┌──

Lemma sqsum_add n f g :
  sqsum n (fun i => f i + g i) = sqsum n f + 2 * dotsum n f g + sqsum n g.
Proof. induction n; simpl; [ring | rewrite IHn; ring]. Qed.

Lemma cauchy_schwarz n f g : dotsum n f g * dotsum n f g <= sqsum n f * sqsum n g.
Proof.
  induction n as [|n IH]; simpl; [nra|].
  pose proof (sqsum_nonneg n f) as HP. pose proof (sqsum_nonneg n g) as HQ.
  set (P := sqsum n f) in *. set (Q := sqsum n g) in *. set (S := dotsum n f g) in *.
  set (x := f n). set (y := g n).
  assert (Hcross : 2 * S * x * y <= P * y * y + Q * x * x).
  { destruct (Req_dec P 0) as [E|E].
    - assert (S = 0) by nra. subst S. rewrite E in *. nra.
    - assert (HPQ : 0 <= (P * Q - S * S) * (x * x))
        by (apply Rmult_le_pos; [lra | apply Rle_0_sqr]).
      assert (P * (P * y * y + Q * x * x - 2 * S * x * y) >= 0).
      { replace (P * (P * y * y + Q * x * x - 2 * S * x * y))
          with ((P * y - S * x) * (P * y - S * x) + (P * Q - S * S) * (x * x)) by ring.
        pose proof (Rle_0_sqr (P * y - S * x)). unfold Rsqr in *. lra. }
      nra. }
  nra.
Qed.

Lemma sqrt_add_le a b : 0 <= a -> 0 <= b -> sqrt (a + b) <= sqrt a + sqrt b.
Proof.
  intros Ha Hb.
  pose proof (sqrt_pos a). pose proof (sqrt_pos b).
  pose proof (sqrt_sqrt _ Ha). pose proof (sqrt_sqrt _ Hb).
  rewrite <- (sqrt_square (sqrt a + sqrt b)) by lra.
  apply sqrt_le_1_alt. nra.
Qed.

Lemma minkowski n f g :
  sqrt (sqsum n (fun i => f i + g i)) <= sqrt (sqsum n f) + sqrt (sqsum n g).
Proof.
  rewrite sqsum_add.
  pose proof (sqsum_nonneg n f) as HP. pose proof (sqsum_nonneg n g) as HQ.
  pose proof (cauchy_schwarz n f g) as HC.
  pose proof (sqrt_pos (sqsum n f)). pose proof (sqrt_pos (sqsum n g)).
  pose proof (sqrt_sqrt _ HP) as EP. pose proof (sqrt_sqrt _ HQ) as EQ.
  assert (Hdot : dotsum n f g <= sqrt (sqsum n f) * sqrt (sqsum n g)).
  { destruct (Rle_dec (dotsum n f g) 0); [nra|].
    apply Rsqr_incr_0_var; unfold Rsqr; [rewrite <- EP, <- EQ in HC|]; nra. }
  rewrite <- (sqrt_square (sqrt (sqsum n f) + sqrt (sqsum n g))) by lra.
  apply sqrt_le_1_alt. nra.
Qed.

└──

**PROBLEM TO SOLVE:** Only the lines from the beginning of the material through the line with "pose proof (Rle_0_sqr" should appear in the answer, each copied exactly.

**FINAL ANSWER:**
Lemma sqsum_add n f g :
  sqsum n (fun i => f i + g i) = sqsum n f + 2 * dotsum n f g + sqsum n g.
Proof. induction n; simpl; [ring | rewrite IHn; ring]. Qed.

Lemma cauchy_schwarz n f g : dotsum n f g * dotsum n f g <= sqsum n f * sqsum n g.
Proof.
  induction n as [|n IH]; simpl; [nra|].
  pose proof (sqsum_nonneg n f) as HP. pose proof (sqsum_nonneg n g) as HQ.
  set (P := sqsum n f) in *. set (Q := sqsum n g) in *. set (S := dotsum n f g) in *.
  set (x := f n). set (y := g n).
  assert (Hcross : 2 * S * x * y <= P * y * y + Q * x * x).
  { destruct (Req_dec P 0) as [E|E].
    - assert (S = 0) by nra. subst S. rewrite E in *. nra.
    - assert (HPQ : 0 <= (P * Q - S * S) * (x * x))
        by (apply Rmult_le_pos; [lra | apply Rle_0_sqr]).
      assert (P * (P * y * y + Q * x * x - 2 * S * x * y) >= 0).
      { replace (P * (P * y * y + Q * x * x - 2 * S * x * y))
          with ((P * y - S * x) * (P * y - S * x) + (P * Q - S * S) * (x * x)) by ring.
        pose proof (Rle_0_sqr (P * y - S * x)). unfold Rsqr in *. lra. }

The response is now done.